Last Sunday against Duke, he drew superstar Zion Williamson. Tillman wound up with 19 points, nine rebounds, three steals and two blocks. Williamson, who will surely be the top pick in this summer’s NBA draft, did finish with 24 points and 14 boards. But he also had five turnovers, tying a season-high.
“I knew he loved to use his left hand, fake right and go left. He loves to be physical for offensive rebounds and stuff. So I knew when I needed to brace myself and I knew where he wanted to go,” Tillman recalled. “So I tried to limit him as much as possible.”

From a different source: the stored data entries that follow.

(* Let $Y\subseteq\omega$ and let $X\subseteq\omega$ be $\Delta^0_2(Y)$. Then there is a sequence of structures $(\mathcal C_i)_{i\in\omega}$, uniformly computable in $Y$, such that for every $i\in\omega$, $\mathcal C_i\cong\mathcal S_0$ if $i\in X$ and $\mathcal C_i\cong\mathcal S_1$ if $i\notin X$.
   Context: Let $\mathcal S=(2^\omega,(F_\nu)_{\nu\in 2^{<\omega}},(R_\nu)_{\nu\in2^{<\omega}})$ where $F_\nu(\sigma)(x)=\sigma(x)+\nu(x)\bmod 2$ (with $\nu(x)=0$ for $x\ge|\nu|$) and $R_\nu(\sigma)$ holds iff $\nu$ is an initial segment of $\sigma$. Let $\hat{\mathcal S}_0$, $\hat{\mathcal S}_1$ be the substructures of $\mathcal S$ generated by the constant sequence $\bar0$, resp. $\bar1$, and let $\mathcal S_0,\mathcal S_1$ be their relational versions obtained by replacing each unary function $F_\nu$ by its graph, a binary relation $graph_{F_\nu}$. Structures have universe $\omega$. *)

From Stdlib Require Import Arith List.
Import ListNotations.

Fixpoint tri (n : nat) : nat := match n with 0 => 0 | S k => S k + tri k end.
Definition pair (x y : nat) : nat := tri (x + y) + y.
(* unpair enumerates N x N in the same (Cantor) order as pair *)
Definition unpair_step (p : nat * nat) : nat * nat :=
  match p with (0, y) => (S y, 0) | (S x, y) => (x, S y) end.
Fixpoint unpair (n : nat) : nat * nat :=
  match n with 0 => (0, 0) | S k => unpair_step (unpair k) end.

Inductive code : Type :=
| cZero | cSucc | cId | cOracle | cFst | cSnd
| cPair (f g : code)
| cComp (f g : code)
| cPrec (f g : code)      (* h <x,0> = f x ; h <x,n+1> = g <x,<n,h<x,n>>> *)
| cMu (f : code).

Inductive eval (Y : nat -> bool) : code -> nat -> nat -> Prop :=
| ev_zero x : eval Y cZero x 0
| ev_succ x : eval Y cSucc x (S x)
| ev_id x : eval Y cId x x
| ev_oracle x : eval Y cOracle x (if Y x then 1 else 0)
| ev_fst x : eval Y cFst x (fst (unpair x))
| ev_snd x : eval Y cSnd x (snd (unpair x))
| ev_pair f g x a b : eval Y f x a -> eval Y g x b -> eval Y (cPair f g) x (pair a b)
| ev_comp f g x y z : eval Y g x y -> eval Y f y z -> eval Y (cComp f g) x z
| ev_prec0 f g x a : eval Y f x a -> eval Y (cPrec f g) (pair x 0) a
| ev_precS f g x n a b : eval Y (cPrec f g) (pair x n) a ->
    eval Y g (pair x (pair n a)) b -> eval Y (cPrec f g) (pair x (S n)) b
| ev_mu f x n : eval Y f (pair x n) 0 ->
    (forall m, m < n -> exists k, eval Y f (pair x m) (S k)) ->
    eval Y (cMu f) x n.

Definition fun_computable (Y : nat -> bool) (f : nat -> nat) : Prop :=
  exists c : code, forall x, eval Y c x (f x).

Definition rel_computable (Y : nat -> bool) (P : nat -> Prop) : Prop :=
  exists chi : nat -> bool, (forall x, P x <-> chi x = true) /\
    fun_computable Y (fun x => if chi x then 1 else 0).

Definition Sigma02 (Y X : nat -> bool) : Prop :=
  exists R : nat -> Prop, rel_computable Y R /\
    forall n, X n = true <-> exists a, forall b, R (pair n (pair a b)).
Definition Pi02 (Y X : nat -> bool) : Prop :=
  exists R : nat -> Prop, rel_computable Y R /\
    forall n, X n = true <-> forall a, exists b, R (pair n (pair a b)).
Definition Delta02 (Y X : nat -> bool) : Prop := Sigma02 Y X /\ Pi02 Y X.

(* nu : 2^{<omega} is a list bool; nu(x) = 0 (false) for x >= |nu| *)
Definition F (nu : list bool) (sigma : nat -> bool) : nat -> bool :=
  fun x => xorb (sigma x) (nth x nu false).
Definition Rnu (nu : list bool) (sigma : nat -> bool) : Prop :=
  forall x, x < length nu -> sigma x = nth x nu false.

(* the universe of the substructure of S generated by the constant sequence b̄ *)
Inductive gen (b : bool) : (nat -> bool) -> Prop :=
| gen_base : gen b (fun _ => b)
| gen_step nu sigma : gen b sigma -> gen b (F nu sigma).

(* relational structures with universe omega in the language
   { graph_{F_nu} (binary), R_nu (unary) : nu in 2^{<omega} } *)
Record rstruct : Type := {
  rG : list bool -> nat -> nat -> Prop;
  rR : list bool -> nat -> Prop
}.

(* A ≅ S_b  (relational version of the substructure generated by b̄);
   elements of 2^omega are compared pointwise *)
Definition iso_S (A : rstruct) (b : bool) : Prop :=
  exists h : nat -> (nat -> bool),
    (forall x, gen b (h x)) /\
    (forall x y, (forall n, h x n = h y n) -> x = y) /\
    (forall sigma, gen b sigma -> exists x, forall n, h x n = sigma n) /\
    (forall nu x y, rG A nu x y <-> (forall n, h y n = F nu (h x) n)) /\
    (forall nu x, rR A nu x <-> Rnu nu (h x)).

(* coding of 2^{<omega} into omega (a bijection) *)
Fixpoint code_bl (l : list bool) : nat :=
  match l with
  | [] => 0
  | b :: l' => S (pair (if b then 1 else 0) (code_bl l'))
  end.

There’s so much about Tillman’s game that doesn’t wind up in a box score, especially on the defensive end, but there’s also plenty about his overall temperament that clearly makes an impact on this team.
Winston is known for his ultra-calm demeanor, the complete opposite of the always intense Izzo. Tillman is in the same boat. When he’s on the floor, everyone else seems to be at their best.
That’s not an accident.
“My freshman year, I didn’t know what to expect. So I watched. I watched how Miles (Bridges) and Jaren (Jackson) and Nick (Ward) and Cash reacted to coach. Sometimes they’d react with a high-energy response. I realized that wasn’t always a good thing,” Tillman said with a smile. “So I realized, in order for me to succeed, I had to be calm, cool, collected. I had to be an uplifter. Like Tum (Tum Nairn) was. He was really good at picking people’s heads up when they were down.
“That’s something I try to do. You can see it in someone’s eyes or if their head drops or their body language changes. So when I see that, I try to immediately walk up to them. Give them a hug or a dap and just say ‘hey, we’re good.’ ”
More: Michigan State basketball: Here’s what Tom Izzo said at his Final Four presser
More: Michigan State star Cassius Winston’s greatness explained in 23 seconds
Everything about Tillman’s life is organized and balanced. Down to the finest detail. He has a vision board taped to the wall in his bedroom back home. On Friday in Minneapolis, Tillman spoke with reporters while wearing one of Michigan State’s Nike-issued warmup shirts.
On the bottom left corner of the jacket, the phrase “Inspired by a crazy dreamer” hovers over a blank white space. Tillman filled his in.
It reads, simply: “Tamia + Yan.” That’s his family, the most important thing in his world. At home, he juggles being a college kid, a basketball player and a superhero
His basketball family is a big deal, too.
And just like at home, Tillman is a balanced version of standout center and Superman.